The Food Safety and Standards Authority of India (FSSAI)'s attempt to introduce health star ratings (HSR) on front-of-the-pack labels (FOPLs) to discourage the use of junk food could be a flawed idea in the Indian context, warns a recent study.
The yet to be peer-reviewed study, prepared by a group of researchers led by Lindsey Smith Taillie of the University of North Carolina, concludes that an HSR representation might be the least effective option among various FOPLs that have been prescribed by various food standard regulators across the world. The results suggest that the direct "warning labels" are the most effective FOPL to help Indian consumers identify and avoid unhealthy foods.
The researchers conducted an in-person randomised experiment in 2,869 adults between ages 18 and 60 years old in six states of India in March 2022. "Participants were randomized to one of five FOPLs: a control label (barcode), warning label (octagon with "High in [nutrient]"), Health Star Warning (HSR), Guideline Daily Amount (GDA), or traffic light label. Participants then viewed a series of foods high in sugar, saturated fat, or sodium with the assigned FOPL, and rated product perceptions and label reactions. Fewer than half of participants in the control group (39.1%) correctly identified all products high in nutrient(s) of concern. All FOPLs led to an increase in this outcome, with the biggest differences observed for the warning label (60.8%) followed by the traffic light label (54.8%), GDA (55%), and HSR (45%). Relative to the control, only the warning label led to a reduction in intentions to purchase the products. The results suggest that warning labels are the most effective FoPL to help Indian consumers identify and avoid unhealthy foods," the study notes.

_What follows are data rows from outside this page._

Lemma residue_torsion z : QpX z -> exists2 N, (0 < N)%N & congv (residue z *+ N) 0.
Proof.
move=> hz; have [s zs] := QpX_integral_off hz.
pose N := (p ^ (n + \max_(j <- s ++ F) qp_den (z j)))%N.
exists N; first by rewrite expn_gt0 prime_gt0.
move=> j; rewrite /cong natmulfctE /= subr0 -[_ *+ N]mulr_natr /residue.
have [jsF|jsF] := boolP (j \in s ++ F); last first.
  rewrite mem_cat negb_or in jsF; case/andP: jsF => /zs[_ z0] jF.
  by rewrite /level (negbTE jF) z0 !mul0r.
have lev : (level j <= n)%N by rewrite /level; case: ifP.
set M := (\max_(j <- s ++ F) qp_den (z j))%N in N *; rewrite -mulrA.
have -> : N%:R / P (level j) = P M * P (n - level j).
  rewrite /N -{1}(subnK lev) -addnA [(level j + M)%N]addnC addnA !ppowD mulfK ?ppow_neq0 //.
  by rewrite mulrC.
rewrite (@qp_digit_mul_int p p_prime _ _ M) //; first exact: QpX_is_qp.
  exact: leq_bigmax_seq.
by rewrite mulrAC mulfV ?ppow_neq0 // mul1r natr_int.
Qed.

Lemma SresN f : f \in Sres -> - f \in Sres.
Proof.
move=> hf; have /asboolP[s Ss es] := hf; have [N N0 tN] := residue_torsion (S_QpX Ss).
apply: Sres_congv (Sres_natmul N.-1 hf) => j.
have := congv_trans (congv_natmul N es) tN j.
by rewrite /cong !natmulfctE opprfctE /= opprK subr0 -mulrSr prednK.
Qed.

Lemma Sres_zmod : zmod_closed Sres.
Proof. by split=> [|f h hf hh]; [exact: Sres0 | rewrite SresD ?SresN]. Qed.

HB.instance Definition _ := GRing.isZmodClosed.Build (X -> rat) Sres Sres_zmod.

Lemma residue_xi_notin_Sres : residue xi \notin Sres.
Proof.
apply/negP => /asboolP[s Ss es]; have hs := S_QpX Ss; have hxi := Ybox_QpX xi_box.
have same j : s j (level j) = xi j (level j).
  by apply: cong_eq (cong_sym (es j)); apply: qp_itv => //; exact: QpX_is_qp.
have same0 j : s j 0%N = xi j 0%N.
  have cs := qp_chain p_prime (QpX_is_qp j hs) (leq0n (level j)).
  have cxi := qp_chain p_prime (QpX_is_qp j hxi) (leq0n (level j)).
  apply: (@cong_eq _ (P 0)); [exact/qp_itv/QpX_is_qp | exact/qp_itv/QpX_is_qp |].
  by apply: cong_trans (cong_sym cs) _; rewrite same.
apply: (box_avoids_S (z := s)) => //.
  by split=> [i|i iB]; [exact: QpX_is_qp | rewrite same0; case: xi_box => _; apply].
by move=> i iF; have := same i; rewrite /level iF.
Qed.

(** Generators of that group: the residue of [xi], then p^-t e_j for all pairs
    (j, t), enumerated through [pickle]. *)
Definition gen (m : nat) : X -> rat :=
  if m is m'.+1 then
    if @unpickle (X * nat)%type m' is Some (j, t) then [eta \0 with j |-> (P t)^-1] else 0
  else residue xi.

Arguments gen : simpl never.

Lemma gen_pickle (j : X) (t : nat) : gen (pickle (j, t)).+1 = [eta \0 with j |-> (P t)^-1].
Proof. by rewrite /gen pickleK. Qed.

Lemma gen_torsion m : exists2 N, (0 < N)%N & gen m *+ N \in Sres.
Proof.
case: m => [|m]; rewrite /gen.
  have [N N0 tN] := residue_torsion (Ybox_QpX xi_box).
  by exists N => //; apply: Sres_congv Sres0; apply: congv_sym.
case: (@unpickle (X * nat)%type m) => [[j t]|]; last by exists 1%N; rewrite ?mul0rn ?Sres0.
exists (p ^ (t + n))%N; first by rewrite expn_gt0 prime_gt0.
apply: Sres_congv Sres0 => i; rewrite /cong natmulfctE /= sub0r mulNr rpredN.
rewrite -[_ *+ _]mulr_natr.
case: eqP => _; last by rewrite mul0r mul0r rpred0.
have lev : (level i <= n)%N by rewrite /level; case: ifP.
by rewrite ppowD mulrA mulVf ?ppow_neq0 // mul1r -(subnK lev) ppowD mulfK ?ppow_neq0 ?natr_int.
Qed.

Lemma initial_char : exists2 d : nat, (1 < d)%N & char_below Sres gen 1 (fun=> d%:R^-1).
Proof.
pose T := [pred b : int | residue xi *~ b \in Sres].
have T_zmod : zmod_closed T.
  split=> [|a b]; first by rewrite [_ \in T]inE mulr0z rpred0.
  by rewrite ![_ \in T]inE mulrzBr; exact: rpredB.
have [N N0 tN] := gen_torsion 0.
have [d [d0 Td] dvdT] := int_subgroup_generator T_zmod N0 tN.
exists d => [|l l1 Hl].
  rewrite ltn_neqAle d0 andbT; apply: contraNneq residue_xi_notin_Sres => d1.
  by move: Td; rewrite -d1 inE mulr1z.
have split0 (V : zmodType) (f : nat -> V) :
    lincomb f l = f 0%N *~ (\sum_(e <- l | e.1 == 0%N) e.2).
  rewrite (lincomb_split _ 0) (_ : [seq e <- l | _] = [::]) /lincomb ?big_nil ?addr0 //.
  rewrite (eq_in_filter (a2 := pred0)) ?filter_pred0 // => e /(allP l1).
  by rewrite ltnS leqn0 => /eqP ->.
rewrite split0 /=.
have /dvdT/divzK <- : \sum_(e <- l | e.1 == 0%N) e.2 \in T.
  by rewrite [_ \in T]inE -[residue xi]/(gen 0) -split0.
by rewrite -mulrzr intrM mulrCA mulVf ?mulr1 ?intr_int // pnatr_eq0 -lt0n.
Qed.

The World Health Organisation (WHO) has recommended the use of FOPLS to reduce consumption of packaged foods high in added sugar, sodium, saturated fat, and trans fats as studies globally suggest excessive consumption of ready-to-eat or ready-to-heat foods and drinks that are high in added sugars, sodium, saturated fats, and refined carbohydrates etc increase risk of obesity and related non communicable diseases (NCDs).
The researchers found that the HSR system was the lowest-performing FOPL relative to others with regards to helping consumers identify "high-in" products, and had no impact on behavioral intentions. "One likely reason for the HSR's low performance is that it was designed with different public goals in mind. While warnings are designed with the goal to discourage the most unhealthy purchases, while others, like the HSR are designed to nudge towards "healthier purchases", the study says.

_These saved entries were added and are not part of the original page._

Lemma bunk_cross_le_straight (R : numDomainType) (p : R) (u v : 'I_n) :
  (0 <= p <= 1)%R ->
  (\sum_(w : config | (w \subset E) && bunk_conn H w (true, u) (false, v)
                       && ~~ bunk_conn H w (true, u) (true, v)) bunk_weight p w <=
   \sum_(w : config | (w \subset E) && bunk_conn H w (true, u) (true, v)
                       && ~~ bunk_conn H w (true, u) (false, v)) bunk_weight p w)%R.
Proof.
move=> p01; have [/connectP[q q_path ->]|not_uv] := boolP (connect e u v).
  case: (shortenP q_path) => ps ps_path ps_uniq _.
  rewrite -[last u ps](nth_last u (u :: ps)).
  exact: bunk_cross_le_straight_path.
rewrite big1 ?sumr_ge0 // => [w _|w /andP[/andP[wE /(bunk_conn_proj wE)]]].
  exact: bunk_weight_ge0.
by rewrite (negbTE not_uv).
Qed.

End Bunkbed.

Local Open Scope ring_scope.
Unset Implicit Arguments.
Set Strict Implicit.

Theorem mainTheorem1 (R : realFieldType) (n : nat) (e : rel 'I_n)
  (H : {set 'I_n}) (p : R) (u v : 'I_n) :
  simple_graph e -> forest e -> 0 < p < 1 ->
  bunk_prob e p (fun w => bunk_conn H w (true, u) (false, v))
    <= bunk_prob e p (fun w => bunk_conn H w (true, u) (true, v)).
Proof.
move=> [e_sym e_irr] e_forest /andP[p_gt0 p_lt1].
apply: ler_sum_setD.
by apply: (bunk_cross_le_straight H e_sym e_irr e_forest); rewrite !ltW.
Qed.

"We oppose the recommendation for use of HSR Model in India due to the reasons that health star ratings are taken with a positive connotation and do not meet the intention of FOPL regarding warning for negative nutrients, which may be overwhelmed by positive nutrients in the algorithm design for HSR. Other the other hand, negative warning labels that efficiently help identify unhealthy products have proved to be most effective for discouraging junk food and ultra-processed food choices. They are simple enough to understand and can be used without sustained investments in educational campaigns. It would also act as an efficient tool to guide those consumers who are medically advised to reduce the intake of fat, sugar, or salt in their diet, thereby encouraging them towards a healthy eating habit," George Cheriyan, Director of CUTS International, and a member of stakeholder group of FSSAI on FOPL from January 2021, says.

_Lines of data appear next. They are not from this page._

Lemma cross3_cross3 p q x :
  cross3 (cross3 p q) x =
  (dot3 x p * q.1.1 - dot3 x q * p.1.1, dot3 x p * q.1.2 - dot3 x q * p.1.2,
   dot3 x p * q.2 - dot3 x q * p.2).
Proof.
case: p => [[? ?] ?]; case: q => [[? ?] ?]; case: x => [[? ?] ?].
by rewrite /dot3 /cross3 /=; congr (_, _, _); ring.
Qed.

Lemma collinear_cross3 p q x : cross3 p q != (0, 0, 0) ->
  dot3 x p = 0 -> dot3 x q = 0 -> exists l, x = scale3 l (cross3 p q).
Proof.
move=> hpq hp hq; apply: (cross3_eq0 hpq).
by rewrite cross3_cross3 hp hq !mul0r subr0.
Qed.

Definition proportional a b := exists2 l, l != 0 & a = scale3 l b.

Lemma proportional_refl a : proportional a a.
Proof. by exists 1; rewrite ?oner_eq0 // /scale3 !mul1r; case: a => [[]]. Qed.

Lemma det3_proportional a a' b b' c c' :
  proportional a a' -> proportional b b' -> proportional c c' ->
  (det3 a b c == 0) = (det3 a' b' c' == 0).
Proof.
move=> [l hl ->] [m hm ->] [k hk ->].
by rewrite det3_scale !mulf_eq0 (negPf hl) (negPf hm) (negPf hk).
Qed.

Lemma proportional_through p q x y : cross3 p q != (0, 0, 0) ->
  x != (0, 0, 0) -> y != (0, 0, 0) ->
  dot3 x p = 0 -> dot3 x q = 0 -> dot3 y p = 0 -> dot3 y q = 0 ->
  proportional x y.
Proof.
move=> hpq hx hy hxp hxq hyp hyq.
have [l xE] := collinear_cross3 hpq hxp hxq.
have [m yE] := collinear_cross3 hpq hyp hyq.
have scale0 (k : K) : k = 0 -> scale3 k (cross3 p q) = (0, 0, 0).
  by move=> ->; rewrite /scale3 !mul0r.
have hm : m != 0 by apply: contra_neq hy => /scale0; rewrite yE.
exists (l / m).
  by rewrite mulf_neq0 ?invr_eq0 //; apply: contra_neq hx => /scale0; rewrite xE.
rewrite xE yE /scale3 /=; congr (_, _, _); by rewrite mulrA divfK.
Qed.

Section Frame.
Variables p q r u : K * K * K.
Hypotheses (uqr : det3 u q r != 0) (pur : det3 p u r != 0) (pqu : det3 p q u != 0).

Incidentally, FSSAI move was based on a study carried out by researchers of IIM, Ahmedabad which looked at "consumer preferences for different nutrition FOPLs in India" in a sample size of 20,564 persons across India. The IIM-A study concludes that HSR and 'Warning Labels' are in the highest pecking order from the perspective of ease of identification, understanding, reliability and influence. "Among the two, HSR appears most acceptable, outdoing the nutrient specific formats on ease of understanding," it said.
However, the survey indicated that the chief concern of the opponents of HSR – that it does not clearly tell the exact percentage of unhealthy nutrient or ingredient - is valid. According to IIM-A, it was MTL (multi traffic light) model that was most preferred when it came to reflecting necessary health information and presence of an unwanted nutrient.
As FSSAI shows no inclination to change its stand, the consumer organisations in India – around 100 organisations from 15 states - have jointly opposed the move to introduce HSR. "All the consumer organisations strongly feel that such HSR system can easily be manipulated by the food manufacturing and processing industry and the objective of consumer health can never be achieved," Cheriyan says.